Instructions to follow: Using "kappa" as the search string, find the matching lines below and copy them.

Data for analysis:
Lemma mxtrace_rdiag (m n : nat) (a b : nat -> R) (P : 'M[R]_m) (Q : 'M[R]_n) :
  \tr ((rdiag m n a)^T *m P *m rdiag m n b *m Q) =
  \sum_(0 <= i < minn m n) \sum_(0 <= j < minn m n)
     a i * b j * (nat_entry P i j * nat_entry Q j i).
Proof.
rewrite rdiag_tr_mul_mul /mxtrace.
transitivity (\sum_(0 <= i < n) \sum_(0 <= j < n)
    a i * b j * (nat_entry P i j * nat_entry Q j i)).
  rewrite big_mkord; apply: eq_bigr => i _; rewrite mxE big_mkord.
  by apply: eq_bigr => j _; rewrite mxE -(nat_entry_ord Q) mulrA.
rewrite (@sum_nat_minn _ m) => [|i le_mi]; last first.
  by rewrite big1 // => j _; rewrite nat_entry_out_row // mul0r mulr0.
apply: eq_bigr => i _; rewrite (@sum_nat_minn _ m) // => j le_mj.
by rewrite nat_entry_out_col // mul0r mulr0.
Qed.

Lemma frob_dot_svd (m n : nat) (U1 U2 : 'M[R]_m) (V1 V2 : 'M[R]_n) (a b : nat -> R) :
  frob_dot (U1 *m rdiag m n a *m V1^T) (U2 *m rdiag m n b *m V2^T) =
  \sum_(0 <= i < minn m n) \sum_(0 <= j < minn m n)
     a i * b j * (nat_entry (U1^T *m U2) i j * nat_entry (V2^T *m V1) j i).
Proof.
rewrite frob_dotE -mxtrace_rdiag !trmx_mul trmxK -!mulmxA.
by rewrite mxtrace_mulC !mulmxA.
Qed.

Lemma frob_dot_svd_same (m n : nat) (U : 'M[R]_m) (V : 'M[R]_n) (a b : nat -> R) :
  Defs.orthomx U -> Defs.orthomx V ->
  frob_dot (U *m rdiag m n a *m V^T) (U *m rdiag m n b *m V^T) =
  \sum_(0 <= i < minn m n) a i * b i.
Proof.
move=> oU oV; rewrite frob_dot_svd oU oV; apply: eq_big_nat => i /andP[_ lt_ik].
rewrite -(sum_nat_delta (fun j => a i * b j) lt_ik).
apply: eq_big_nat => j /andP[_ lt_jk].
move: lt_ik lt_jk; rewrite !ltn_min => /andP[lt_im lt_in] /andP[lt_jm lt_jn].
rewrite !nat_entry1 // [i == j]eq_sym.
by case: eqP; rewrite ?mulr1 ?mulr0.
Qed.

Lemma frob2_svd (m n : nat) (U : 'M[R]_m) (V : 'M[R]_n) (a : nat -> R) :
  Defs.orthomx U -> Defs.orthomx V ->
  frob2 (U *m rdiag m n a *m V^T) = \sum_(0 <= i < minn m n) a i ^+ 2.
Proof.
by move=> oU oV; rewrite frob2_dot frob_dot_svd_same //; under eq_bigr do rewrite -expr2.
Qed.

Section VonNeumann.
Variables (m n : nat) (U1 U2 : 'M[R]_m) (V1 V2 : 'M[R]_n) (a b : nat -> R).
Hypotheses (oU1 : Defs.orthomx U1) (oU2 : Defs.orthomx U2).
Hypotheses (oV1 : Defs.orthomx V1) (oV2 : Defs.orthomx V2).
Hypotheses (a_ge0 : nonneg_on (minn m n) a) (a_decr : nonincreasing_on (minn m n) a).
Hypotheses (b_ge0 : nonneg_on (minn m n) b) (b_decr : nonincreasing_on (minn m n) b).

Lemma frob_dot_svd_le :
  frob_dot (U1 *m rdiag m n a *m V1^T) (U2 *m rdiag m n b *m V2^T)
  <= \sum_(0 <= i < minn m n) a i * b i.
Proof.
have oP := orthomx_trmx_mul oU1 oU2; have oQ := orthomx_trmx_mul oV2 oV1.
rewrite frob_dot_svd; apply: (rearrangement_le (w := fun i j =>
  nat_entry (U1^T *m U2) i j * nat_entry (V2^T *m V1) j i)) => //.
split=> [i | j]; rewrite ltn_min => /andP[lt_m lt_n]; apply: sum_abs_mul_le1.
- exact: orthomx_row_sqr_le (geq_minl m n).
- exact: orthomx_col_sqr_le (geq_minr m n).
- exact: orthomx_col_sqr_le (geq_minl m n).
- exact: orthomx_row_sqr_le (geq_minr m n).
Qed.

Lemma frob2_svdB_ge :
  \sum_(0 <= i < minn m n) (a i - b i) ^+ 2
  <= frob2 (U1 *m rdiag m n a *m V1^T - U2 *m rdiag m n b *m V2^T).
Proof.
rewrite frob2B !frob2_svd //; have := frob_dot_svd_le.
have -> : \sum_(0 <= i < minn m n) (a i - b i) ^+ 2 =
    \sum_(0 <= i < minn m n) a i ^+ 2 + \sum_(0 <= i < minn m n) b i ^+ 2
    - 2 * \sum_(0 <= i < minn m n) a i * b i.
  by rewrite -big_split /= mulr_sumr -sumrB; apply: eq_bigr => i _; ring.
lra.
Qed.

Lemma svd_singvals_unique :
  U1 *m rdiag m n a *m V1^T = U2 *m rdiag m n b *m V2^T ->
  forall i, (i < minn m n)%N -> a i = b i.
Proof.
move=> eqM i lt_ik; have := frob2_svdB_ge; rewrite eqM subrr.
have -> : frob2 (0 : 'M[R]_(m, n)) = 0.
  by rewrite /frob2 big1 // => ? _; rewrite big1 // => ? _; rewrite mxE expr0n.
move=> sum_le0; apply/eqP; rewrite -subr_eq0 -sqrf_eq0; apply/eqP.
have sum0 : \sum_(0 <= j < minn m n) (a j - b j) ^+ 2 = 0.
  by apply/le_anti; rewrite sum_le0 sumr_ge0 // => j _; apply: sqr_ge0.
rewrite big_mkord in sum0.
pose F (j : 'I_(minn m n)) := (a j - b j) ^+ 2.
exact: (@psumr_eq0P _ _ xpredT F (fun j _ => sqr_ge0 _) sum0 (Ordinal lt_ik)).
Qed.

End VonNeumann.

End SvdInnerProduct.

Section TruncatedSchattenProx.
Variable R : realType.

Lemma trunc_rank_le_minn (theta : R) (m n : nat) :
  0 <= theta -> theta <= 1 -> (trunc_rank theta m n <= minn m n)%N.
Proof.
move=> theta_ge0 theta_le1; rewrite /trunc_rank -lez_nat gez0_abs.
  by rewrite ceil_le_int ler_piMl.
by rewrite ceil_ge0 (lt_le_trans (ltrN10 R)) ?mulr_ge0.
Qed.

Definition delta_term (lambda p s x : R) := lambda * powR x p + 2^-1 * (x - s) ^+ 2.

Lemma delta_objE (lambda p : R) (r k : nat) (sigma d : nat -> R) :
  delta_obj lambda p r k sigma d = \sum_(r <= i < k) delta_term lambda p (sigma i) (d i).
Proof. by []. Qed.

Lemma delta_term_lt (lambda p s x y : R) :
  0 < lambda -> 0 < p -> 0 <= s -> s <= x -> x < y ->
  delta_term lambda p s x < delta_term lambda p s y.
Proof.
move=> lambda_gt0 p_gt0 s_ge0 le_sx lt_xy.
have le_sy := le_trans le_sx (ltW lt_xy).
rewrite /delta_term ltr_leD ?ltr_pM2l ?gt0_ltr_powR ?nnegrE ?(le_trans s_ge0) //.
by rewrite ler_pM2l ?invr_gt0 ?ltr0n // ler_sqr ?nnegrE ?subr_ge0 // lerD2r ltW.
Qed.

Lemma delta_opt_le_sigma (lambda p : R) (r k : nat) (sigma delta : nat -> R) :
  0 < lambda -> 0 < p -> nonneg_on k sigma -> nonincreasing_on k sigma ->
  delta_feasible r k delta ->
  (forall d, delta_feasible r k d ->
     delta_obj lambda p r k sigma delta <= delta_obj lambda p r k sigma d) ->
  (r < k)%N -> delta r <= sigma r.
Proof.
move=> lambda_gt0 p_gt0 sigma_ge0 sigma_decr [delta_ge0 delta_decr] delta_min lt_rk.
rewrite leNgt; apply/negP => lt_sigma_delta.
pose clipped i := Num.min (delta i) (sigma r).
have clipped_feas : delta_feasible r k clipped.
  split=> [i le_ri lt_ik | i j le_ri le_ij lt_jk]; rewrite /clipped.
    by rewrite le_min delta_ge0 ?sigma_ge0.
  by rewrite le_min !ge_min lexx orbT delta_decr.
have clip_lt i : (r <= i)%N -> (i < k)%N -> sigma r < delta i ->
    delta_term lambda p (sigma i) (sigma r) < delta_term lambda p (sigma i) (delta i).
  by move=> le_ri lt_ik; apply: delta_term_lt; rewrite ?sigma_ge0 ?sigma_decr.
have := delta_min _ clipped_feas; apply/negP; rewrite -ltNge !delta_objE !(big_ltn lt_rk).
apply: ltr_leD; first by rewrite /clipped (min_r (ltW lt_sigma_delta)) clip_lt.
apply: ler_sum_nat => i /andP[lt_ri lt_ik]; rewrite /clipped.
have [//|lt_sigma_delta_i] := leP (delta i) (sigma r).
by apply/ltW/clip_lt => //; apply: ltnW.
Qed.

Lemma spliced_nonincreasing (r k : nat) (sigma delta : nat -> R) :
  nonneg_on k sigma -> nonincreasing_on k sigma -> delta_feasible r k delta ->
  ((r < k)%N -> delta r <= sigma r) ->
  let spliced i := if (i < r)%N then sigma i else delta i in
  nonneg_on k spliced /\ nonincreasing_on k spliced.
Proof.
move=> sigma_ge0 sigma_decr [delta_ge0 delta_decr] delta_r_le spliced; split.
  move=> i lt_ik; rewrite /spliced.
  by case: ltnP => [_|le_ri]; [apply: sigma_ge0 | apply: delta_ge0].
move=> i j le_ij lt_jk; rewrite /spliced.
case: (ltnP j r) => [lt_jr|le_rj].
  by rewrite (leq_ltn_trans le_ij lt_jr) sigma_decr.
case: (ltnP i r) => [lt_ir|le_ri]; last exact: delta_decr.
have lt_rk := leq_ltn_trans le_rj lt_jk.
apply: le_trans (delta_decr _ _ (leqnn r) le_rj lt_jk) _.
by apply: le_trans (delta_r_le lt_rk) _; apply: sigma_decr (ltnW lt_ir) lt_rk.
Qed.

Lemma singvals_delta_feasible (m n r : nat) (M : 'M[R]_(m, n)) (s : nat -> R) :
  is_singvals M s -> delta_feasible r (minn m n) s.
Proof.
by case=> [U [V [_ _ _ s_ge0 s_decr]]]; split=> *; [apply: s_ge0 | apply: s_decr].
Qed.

--

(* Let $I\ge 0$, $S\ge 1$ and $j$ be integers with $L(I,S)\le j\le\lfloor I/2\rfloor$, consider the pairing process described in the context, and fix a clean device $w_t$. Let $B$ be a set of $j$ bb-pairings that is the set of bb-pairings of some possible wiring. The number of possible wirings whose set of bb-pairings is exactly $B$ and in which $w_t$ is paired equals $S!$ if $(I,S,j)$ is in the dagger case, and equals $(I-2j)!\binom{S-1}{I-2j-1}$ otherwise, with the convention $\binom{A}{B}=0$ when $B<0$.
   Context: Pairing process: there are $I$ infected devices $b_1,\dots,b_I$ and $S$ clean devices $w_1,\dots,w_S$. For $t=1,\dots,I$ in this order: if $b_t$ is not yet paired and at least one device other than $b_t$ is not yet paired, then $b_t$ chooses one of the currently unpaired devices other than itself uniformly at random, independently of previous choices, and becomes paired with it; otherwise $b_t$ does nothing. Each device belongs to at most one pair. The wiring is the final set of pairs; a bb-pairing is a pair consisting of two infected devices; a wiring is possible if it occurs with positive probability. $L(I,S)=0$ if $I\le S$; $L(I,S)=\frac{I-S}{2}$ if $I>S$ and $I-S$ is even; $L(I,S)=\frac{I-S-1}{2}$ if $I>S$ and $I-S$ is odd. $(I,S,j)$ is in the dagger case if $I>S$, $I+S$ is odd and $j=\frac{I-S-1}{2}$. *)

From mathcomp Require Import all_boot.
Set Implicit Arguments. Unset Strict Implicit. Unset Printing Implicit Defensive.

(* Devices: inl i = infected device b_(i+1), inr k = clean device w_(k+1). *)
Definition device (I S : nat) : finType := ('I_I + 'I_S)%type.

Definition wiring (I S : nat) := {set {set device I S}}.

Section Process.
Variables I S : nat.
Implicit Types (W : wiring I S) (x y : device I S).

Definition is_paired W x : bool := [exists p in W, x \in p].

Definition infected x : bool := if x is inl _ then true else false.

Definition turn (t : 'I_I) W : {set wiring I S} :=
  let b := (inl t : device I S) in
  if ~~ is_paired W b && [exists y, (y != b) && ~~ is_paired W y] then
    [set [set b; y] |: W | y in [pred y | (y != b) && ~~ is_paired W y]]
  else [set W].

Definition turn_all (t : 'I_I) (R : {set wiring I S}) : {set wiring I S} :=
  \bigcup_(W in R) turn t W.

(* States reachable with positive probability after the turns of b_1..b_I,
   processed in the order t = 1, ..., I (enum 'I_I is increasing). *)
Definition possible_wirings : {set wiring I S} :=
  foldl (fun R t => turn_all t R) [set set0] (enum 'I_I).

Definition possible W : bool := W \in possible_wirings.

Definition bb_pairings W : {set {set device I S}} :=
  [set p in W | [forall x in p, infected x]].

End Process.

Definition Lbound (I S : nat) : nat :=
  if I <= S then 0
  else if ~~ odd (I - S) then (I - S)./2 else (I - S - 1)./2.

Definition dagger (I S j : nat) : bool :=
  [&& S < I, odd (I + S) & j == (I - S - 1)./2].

* * *

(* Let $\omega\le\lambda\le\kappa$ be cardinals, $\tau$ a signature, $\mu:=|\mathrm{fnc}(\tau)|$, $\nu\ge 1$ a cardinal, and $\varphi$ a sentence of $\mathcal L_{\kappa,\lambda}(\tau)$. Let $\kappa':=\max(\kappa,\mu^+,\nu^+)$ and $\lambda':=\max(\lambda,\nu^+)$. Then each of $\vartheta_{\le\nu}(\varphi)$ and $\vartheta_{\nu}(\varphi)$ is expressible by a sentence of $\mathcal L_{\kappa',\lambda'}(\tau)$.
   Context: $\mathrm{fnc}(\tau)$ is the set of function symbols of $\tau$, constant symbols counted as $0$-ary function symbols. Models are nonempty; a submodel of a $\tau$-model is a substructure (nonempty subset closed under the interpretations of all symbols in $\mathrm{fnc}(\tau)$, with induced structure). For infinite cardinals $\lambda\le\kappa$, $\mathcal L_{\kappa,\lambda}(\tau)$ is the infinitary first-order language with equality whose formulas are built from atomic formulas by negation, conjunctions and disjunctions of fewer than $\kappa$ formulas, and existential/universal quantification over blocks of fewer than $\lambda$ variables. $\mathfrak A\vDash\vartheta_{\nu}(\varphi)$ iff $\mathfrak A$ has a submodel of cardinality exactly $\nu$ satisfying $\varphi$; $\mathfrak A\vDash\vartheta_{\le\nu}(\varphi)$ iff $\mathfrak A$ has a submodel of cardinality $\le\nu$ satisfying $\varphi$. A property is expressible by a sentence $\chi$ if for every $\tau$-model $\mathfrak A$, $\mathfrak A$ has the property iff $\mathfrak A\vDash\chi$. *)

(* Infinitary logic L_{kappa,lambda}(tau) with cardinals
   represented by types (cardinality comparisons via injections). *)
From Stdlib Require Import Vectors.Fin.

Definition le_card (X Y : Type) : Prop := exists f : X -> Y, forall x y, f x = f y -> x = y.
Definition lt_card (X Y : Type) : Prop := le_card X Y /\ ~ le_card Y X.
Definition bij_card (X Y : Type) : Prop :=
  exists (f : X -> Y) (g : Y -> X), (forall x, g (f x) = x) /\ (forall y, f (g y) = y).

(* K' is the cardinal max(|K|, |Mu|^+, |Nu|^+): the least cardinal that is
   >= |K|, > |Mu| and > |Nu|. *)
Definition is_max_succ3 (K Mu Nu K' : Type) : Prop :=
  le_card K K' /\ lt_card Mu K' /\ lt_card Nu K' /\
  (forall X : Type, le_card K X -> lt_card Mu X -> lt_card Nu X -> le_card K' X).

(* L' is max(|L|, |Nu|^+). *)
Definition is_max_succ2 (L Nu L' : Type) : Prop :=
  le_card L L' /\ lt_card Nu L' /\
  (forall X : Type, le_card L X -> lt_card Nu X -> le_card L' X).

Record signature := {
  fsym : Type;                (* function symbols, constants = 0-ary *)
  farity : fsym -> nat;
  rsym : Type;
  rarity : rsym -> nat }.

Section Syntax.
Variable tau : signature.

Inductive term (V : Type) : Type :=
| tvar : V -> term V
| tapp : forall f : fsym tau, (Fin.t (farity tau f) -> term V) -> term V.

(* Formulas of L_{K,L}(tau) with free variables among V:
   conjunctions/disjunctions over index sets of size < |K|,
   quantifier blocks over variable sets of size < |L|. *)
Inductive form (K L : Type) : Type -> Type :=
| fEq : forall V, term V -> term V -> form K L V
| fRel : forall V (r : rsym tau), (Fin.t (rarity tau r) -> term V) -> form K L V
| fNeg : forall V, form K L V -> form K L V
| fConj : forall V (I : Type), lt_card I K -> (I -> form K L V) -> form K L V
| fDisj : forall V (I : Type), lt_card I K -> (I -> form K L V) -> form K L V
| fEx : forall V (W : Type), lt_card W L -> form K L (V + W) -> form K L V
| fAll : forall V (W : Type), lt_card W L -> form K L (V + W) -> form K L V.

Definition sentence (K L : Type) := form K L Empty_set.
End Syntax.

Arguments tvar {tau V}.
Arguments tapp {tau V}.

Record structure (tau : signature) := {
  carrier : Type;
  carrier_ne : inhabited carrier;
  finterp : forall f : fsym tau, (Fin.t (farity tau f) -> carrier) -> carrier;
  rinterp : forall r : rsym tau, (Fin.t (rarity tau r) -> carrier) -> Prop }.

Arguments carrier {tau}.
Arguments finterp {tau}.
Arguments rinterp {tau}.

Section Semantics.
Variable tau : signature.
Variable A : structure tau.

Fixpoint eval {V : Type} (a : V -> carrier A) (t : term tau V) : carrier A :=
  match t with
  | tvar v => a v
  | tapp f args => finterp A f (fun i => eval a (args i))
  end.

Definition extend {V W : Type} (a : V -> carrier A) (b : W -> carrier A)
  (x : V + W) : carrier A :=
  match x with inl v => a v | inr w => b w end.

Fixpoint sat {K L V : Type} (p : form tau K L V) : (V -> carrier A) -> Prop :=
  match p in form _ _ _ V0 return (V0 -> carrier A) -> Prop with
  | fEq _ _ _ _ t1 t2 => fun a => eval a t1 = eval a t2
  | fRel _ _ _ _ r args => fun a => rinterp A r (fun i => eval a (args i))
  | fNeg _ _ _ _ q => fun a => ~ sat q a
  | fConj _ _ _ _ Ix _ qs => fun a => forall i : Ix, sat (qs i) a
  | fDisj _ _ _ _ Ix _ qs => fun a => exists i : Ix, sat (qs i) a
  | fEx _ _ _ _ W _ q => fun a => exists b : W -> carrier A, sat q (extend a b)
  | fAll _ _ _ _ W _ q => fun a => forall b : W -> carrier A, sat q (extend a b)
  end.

Output below:
(* Let $\omega\le\lambda\le\kappa$ be cardinals, $\tau$ a signature, $\mu:=|\mathrm{fnc}(\tau)|$, $\nu\ge 1$ a cardinal, and $\varphi$ a sentence of $\mathcal L_{\kappa,\lambda}(\tau)$. Let $\kappa':=\max(\kappa,\mu^+,\nu^+)$ and $\lambda':=\max(\lambda,\nu^+)$. Then each of $\vartheta_{\le\nu}(\varphi)$ and $\vartheta_{\nu}(\varphi)$ is expressible by a sentence of $\mathcal L_{\kappa',\lambda'}(\tau)$.
   Context: $\mathrm{fnc}(\tau)$ is the set of function symbols of $\tau$, constant symbols counted as $0$-ary function symbols. Models are nonempty; a submodel of a $\tau$-model is a substructure (nonempty subset closed under the interpretations of all symbols in $\mathrm{fnc}(\tau)$, with induced structure). For infinite cardinals $\lambda\le\kappa$, $\mathcal L_{\kappa,\lambda}(\tau)$ is the infinitary first-order language with equality whose formulas are built from atomic formulas by negation, conjunctions and disjunctions of fewer than $\kappa$ formulas, and existential/universal quantification over blocks of fewer than $\lambda$ variables. $\mathfrak A\vDash\vartheta_{\nu}(\varphi)$ iff $\mathfrak A$ has a submodel of cardinality exactly $\nu$ satisfying $\varphi$; $\mathfrak A\vDash\vartheta_{\le\nu}(\varphi)$ iff $\mathfrak A$ has a submodel of cardinality $\le\nu$ satisfying $\varphi$. A property is expressible by a sentence $\chi$ if for every $\tau$-model $\mathfrak A$, $\mathfrak A$ has the property iff $\mathfrak A\vDash\chi$. *)
(* Infinitary logic L_{kappa,lambda}(tau) with cardinals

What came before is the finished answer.